[Stored items]
★ ★ ★ ★ ★
(* Let $T(n)=(3n+1)/2^{v_2(3n+1)}$ be the Syracuse map. For odd $n$ let $L=L(n)=v_2(n+1)-1$, $r=r(n)=v_2(3T^{L}(n)+1)$, and $X(n)=(L+1)\log_2 3-(L+r)$. Consider the distribution of $X$ under natural density on odd starts (the probability law assigning to each value $x$ the natural density, among odd positive integers, of $\{n: X(n)=x\}$). Then: (1) its moment generating function is $$M_X(t)=\mathbb E[e^{tX}]=\frac{e^{t(\log_2 3-2)}}{4\bigl(1-\tfrac12 e^{t(\log_2 3-1)}\bigr)\bigl(1-\tfrac12 e^{-t}\bigr)}$$ for $-\ln 2<t<\ln 2/(\log_2 3-1)$; (2) $\mathbb E[X]=2\log_2 3-4\approx-0.8301$ and $\mathrm{Var}(X)=2\bigl((\log_2 3-1)^2+1\bigr)\approx 2.684$.
   Context: $v_2$ is the $2$-adic valuation; $T^j$ the $j$-th iterate; $\ln$ is the natural logarithm. *)

From HB Require Import structures.
From mathcomp Require Import all_boot all_order all_algebra.
From mathcomp Require Import all_classical all_reals all_analysis.
Set Implicit Arguments. Unset Strict Implicit. Unset Printing Implicit Defensive.
Import Order.TTheory GRing.Theory Num.Theory.
Import numFieldNormedType.Exports.
Local Open Scope classical_set_scope.
Local Open Scope ring_scope.

Definition v2 (m : nat) : nat := logn 2 m.

Definition syracuse (n : nat) : nat := (3 * n + 1) %/ 2 ^ v2 (3 * n + 1).
(** * Divisors of wreath products of distributive algebras *)

Lemma wreath_act_hadd (G1 G2 : forest_algebra) (w : fV (wreath G1 G2))
    (x y : fH (wreath G1 G2)) :
  distributive G1 -> snd x = snd y -> act w (hadd x y) = hadd (act w x) (act w y).
Proof.
case: w x y => [g w] [x1 x2] [y1 y2] distG1 /= <-.
by rewrite /wact /wadd /= distG1 !haddI.
Qed.

Lemma ev_wreath_snd (G1 G2 : forest_algebra) (A : Type) (l : A -> fV (wreath G1 G2)) f :
  snd (ev l f) = ev (fun a => snd (l a)) f.
Proof.
apply: (@ev_related (wreath G1 G2) G2 A l _ (fun x y => snd x = y)) => //.
- by move=> x x' y y' <- <-.
- by move=> a x x' <-.
Qed.

Lemma two_distributive_wreath (G1 G2 : forest_algebra) :
  distributive G1 -> distributive G2 -> two_distributive (wreath G1 G2).
Proof.
move=> distG1 distG2 S phH phV phi v f1 f2 Hp.
rewrite !(free_morphism_evE phi) ev_cat !ev_fill ev_cat.
apply: wreath_act_hadd => //.
by rewrite !ev_wreath_snd; apply: distributive_ev_paths.
Qed.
★ ★ ★ ★ ★
▸ What you need to do
Above are records; repeat only the lines starting at the line with "Definition v2 (m : nat) : nat := logn 2 m." and ending at the line with "Lemma two_distributive_wreath (G1", exactly as they appear, both included.

▸ Response
Definition v2 (m : nat) : nat := logn 2 m.

Definition syracuse (n : nat) : nat := (3 * n + 1) %/ 2 ^ v2 (3 * n + 1).
(** * Divisors of wreath products of distributive algebras *)

Lemma wreath_act_hadd (G1 G2 : forest_algebra) (w : fV (wreath G1 G2))
    (x y : fH (wreath G1 G2)) :
  distributive G1 -> snd x = snd y -> act w (hadd x y) = hadd (act w x) (act w y).
Proof.
case: w x y => [g w] [x1 x2] [y1 y2] distG1 /= <-.
by rewrite /wact /wadd /= distG1 !haddI.
Qed.

Lemma ev_wreath_snd (G1 G2 : forest_algebra) (A : Type) (l : A -> fV (wreath G1 G2)) f :
  snd (ev l f) = ev (fun a => snd (l a)) f.
Proof.
apply: (@ev_related (wreath G1 G2) G2 A l _ (fun x y => snd x = y)) => //.
- by move=> x x' y y' <- <-.
- by move=> a x x' <-.
Qed.

Lemma two_distributive_wreath (G1 G2 : forest_algebra) :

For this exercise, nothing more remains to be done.